(* Coherence_1 extends from families of distinct variables to arbitrary finite
   families by merging repeated variables: the merged coefficients keep the
   required signs because all coefficients of a variable with infinite
   prevision have one sign.  Hence, if sum_t al_t x_t <= k pointwise with
   admissible signs, every al_t Q(x_t) is finite (otherwise the freely chosen
   constant c_t could violate coherence) and sum_t al_t Q(x_t) <= k.
   Applied to x a - y b for two representations of the same Y, this shows that
   p_Y does not depend on the representation; applied to the flattened family
   of the X_ij in sum_i beta_i (sum_j A_ij X_ij - c_i) it gives coherence on L;
   applied to a coherent extension P' and the representations Y = 1 Y and
   Y = sum_j a_j x_j it gives uniqueness. *)

Lemma partition_big_undup (R : Type) (idx : R) (op : Monoid.com_law idx)
    (I J : eqType) (r : seq I) (p : I -> J) (F : I -> R) :
  \big[op/idx]_(i <- r) F i =
  \big[op/idx]_(j <- undup (map p r)) \big[op/idx]_(i <- r | p i == j) F i.
Proof.
rewrite (exchange_big_dep xpredT) //=; apply: eq_big_seq => i ri.
rewrite (eq_bigl (pred1 (p i))) => [|j]; last by rewrite /= eq_sym.
by rewrite -big_filter filter_pred1_uniq ?undup_uniq ?big_seq1 ?mem_undup ?map_f.
Qed.

Lemma big_sig (R : Type) (idx : R) (op : Monoid.com_law idx) (I : finType)
    (J : I -> finType) (F : forall i, J i -> R) :
  \big[op/idx]_i \big[op/idx]_(j : J i) F i j =
  \big[op/idx]_(p : {i : I & J i}) F (tag p) (tagged p).
Proof. exact: (sig_big_dep xpredT (fun _ _ => true)). Qed.

Section ExtendedRealProducts.
Variable R : realType.
Local Open Scope ereal_scope.

Lemma EFin_mul_fin_num_eq0 (r : R) (e : \bar R) :
  r%:E * e \is a fin_num -> e \isn't a fin_num -> r = 0%R.
Proof.
case: e => [s||] //= + _; apply: contraTeq => r0.
  by rewrite mulry; case: sgrP r0; rewrite ?mul1e ?mulN1e.
by rewrite mulrNy; case: sgrP r0; rewrite ?mul1e ?mulN1e.
Qed.

Lemma EFin_muly_neqNy (r : R) : (r%:E * +oo != -oo) = (0 <= r)%R.
Proof. by rewrite mulry; case: sgrP => _; rewrite ?mul0e ?mul1e ?mulN1e. Qed.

■ ■ ■ ■ ■

* _YOUR TASK_
Copy the material above, keeping every line exactly as it stands.

* _EXPECTED ANSWER_
(* Coherence_1 extends from families of distinct variables to arbitrary finite
   families by merging repeated variables: the merged coefficients keep the
   required signs because all coefficients of a variable with infinite
   prevision have one sign.  Hence, if sum_t al_t x_t <= k pointwise with
   admissible signs, every al_t Q(x_t) is finite (otherwise the freely chosen
   constant c_t could violate coherence) and sum_t al_t Q(x_t) <= k.
   Applied to x a - y b for two representations of the same Y, this shows that
   p_Y does not depend on the representation; applied to the flattened family
   of the X_ij in sum_i beta_i (sum_j A_ij X_ij - c_i) it gives coherence on L;
   applied to a coherent extension P' and the representations Y = 1 Y and
   Y = sum_j a_j x_j it gives uniqueness. *)

Lemma partition_big_undup (R : Type) (idx : R) (op : Monoid.com_law idx)
    (I J : eqType) (r : seq I) (p : I -> J) (F : I -> R) :
  \big[op/idx]_(i <- r) F i =
  \big[op/idx]_(j <- undup (map p r)) \big[op/idx]_(i <- r | p i == j) F i.
Proof.
rewrite (exchange_big_dep xpredT) //=; apply: eq_big_seq => i ri.
rewrite (eq_bigl (pred1 (p i))) => [|j]; last by rewrite /= eq_sym.
by rewrite -big_filter filter_pred1_uniq ?undup_uniq ?big_seq1 ?mem_undup ?map_f.
Qed.

Lemma big_sig (R : Type) (idx : R) (op : Monoid.com_law idx) (I : finType)
    (J : I -> finType) (F : forall i, J i -> R) :
  \big[op/idx]_i \big[op/idx]_(j : J i) F i j =
  \big[op/idx]_(p : {i : I & J i}) F (tag p) (tagged p).
Proof. exact: (sig_big_dep xpredT (fun _ _ => true)). Qed.

Section ExtendedRealProducts.
Variable R : realType.
Local Open Scope ereal_scope.

Lemma EFin_mul_fin_num_eq0 (r : R) (e : \bar R) :
  r%:E * e \is a fin_num -> e \isn't a fin_num -> r = 0%R.
Proof.
case: e => [s||] //= + _; apply: contraTeq => r0.
  by rewrite mulry; case: sgrP r0; rewrite ?mul1e ?mulN1e.
by rewrite mulrNy; case: sgrP r0; rewrite ?mul1e ?mulN1e.
Qed.

Lemma EFin_muly_neqNy (r : R) : (r%:E * +oo != -oo) = (0 <= r)%R.
Proof. by rewrite mulry; case: sgrP => _; rewrite ?mul0e ?mul1e ?mulN1e. Qed.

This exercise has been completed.